Try to parse what is happening above, it is a straightforward application of our description of the perceptron.
We can finally iterate through the dataset, feeding it to the perceptron, and storing the losses:

::

    loss = []
    t_iter = 40
    # Iterate through the data, updating perceptron                                                                                           for t,(x,y) in enumerate(zip(X,Y)):
        loss.append(perc.update_beta(x,y))

Notice the use of ``zip``, which is an iterator tool that will zip up two iterables and yield a pair of each in sequence (I need to use ``t`` for plotting so I combine this with ``enumerate``).
We can see the result of these updates after ``t=40,80,120,160,200`` iterations below (+ are the response of +1 and - are -1).

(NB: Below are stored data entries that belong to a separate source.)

(* Let $G$ be a finite group with identity $e$, $R[G]$ its real group algebra, $S=\{x\in R[G]:\sum_gx_g=1,\ x_g\ge0\ \forall g\}$, and let $(p^{[n]}(t))_{n\in\mathbb N}$, $p^{[n]}(t)=\sum_{k=0}^\infty a_k^{[n]}t^k$, be any sequence of real power series with $\sum_k|a_k^{[n]}|<\infty$ for each $n$ and $\lim_{n\to\infty}\sup\{|a_k^{[n]}|:k\ge1\}=0$. Then for every $x\in S$, either neither of the limits $\lim_{n\to\infty}p^{[n]}(x)$, $\lim_{n\to\infty}p^{[n]}(xc_x)$ exists, or both exist and $\lim_{n\to\infty}p^{[n]}(x)=\lim_{n\to\infty}p^{[n]}(xc_x)$.
   Context: For $y\in S$, $p^{[n]}(y)=a_0^{[n]}e+\sum_{k\ge1}a_k^{[n]}y^k$ (convergent); Euclidean topology on $R[G]$. $\mathrm{Supp}(y)=\{g:y_g\ne0\}$; for $x\in S$, $n_x=\min\{k\ge1:(x^k)_e\ne0\}$, $G_x$ is the subgroup generated by $\mathrm{Supp}(x^{n_x})$, and $c_x=\frac1{|G_x|}\sum_{g\in G_x}g$. *)

From HB Require Import structures.
From mathcomp Require Import all_boot all_order all_algebra all_fingroup.
From mathcomp Require Import all_classical all_reals all_analysis.
Set Implicit Arguments. Unset Strict Implicit. Unset Printing Implicit Defensive.
Import Order.TTheory GRing.Theory Num.Theory numFieldNormedType.Exports.
Local Open Scope ring_scope.
Local Open Scope classical_set_scope.

Section GroupAlgebra.
Variables (R : realType) (gT : finGroupType).

Definition ga := {ffun gT -> R}.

.. image:: images/perc_0.png

**The state of the perceptron with current separator line in red after 40 samples**

.. image:: images/perc_1.png

**The state of the perceptron with current separator line in red after 80 samples**

.. image:: images/perc_2.png

**The state of the perceptron with current separator line in red after 120 samples**

.. image:: images/perc_3.png

**The state of the perceptron with current separator line in red after 160 samples**

.. image:: images/perc_4.png

**The state of the perceptron with current separator line in red after 200 samples**

As we can see the perceptron hones in on a reasonable separator line.  
This behavior, that the perceptron tends to converge on a good solution, was by no means obvious.
It turns out that the perceptron is a special case of an online learning technique called stochastic gradient descent.
We will not return to stochastic gradient descent until Unit 3.
The following is the full source code for the module.
Notice that the main instructions begin with the line 

::

 if __name__=='__main__':

which means that the following block will be executed if you call the script with ``$ python perceptron.py`` or in ipython with ``%run pperceptron.py``.
Alternatively, you could import the module with ``import perceptron`` and have access to the Perceptron class with ``perceptron.Perceptron`` and the main code block will not be run.
This is the preferred way to write modules.

.. literalinclude:: code/perceptron.py

.. [ROS58] Rosenblatt, Frank. "The perceptron: a probabilistic model for information storage and organization in the brain." Psychological review 65.6 (1958): 386.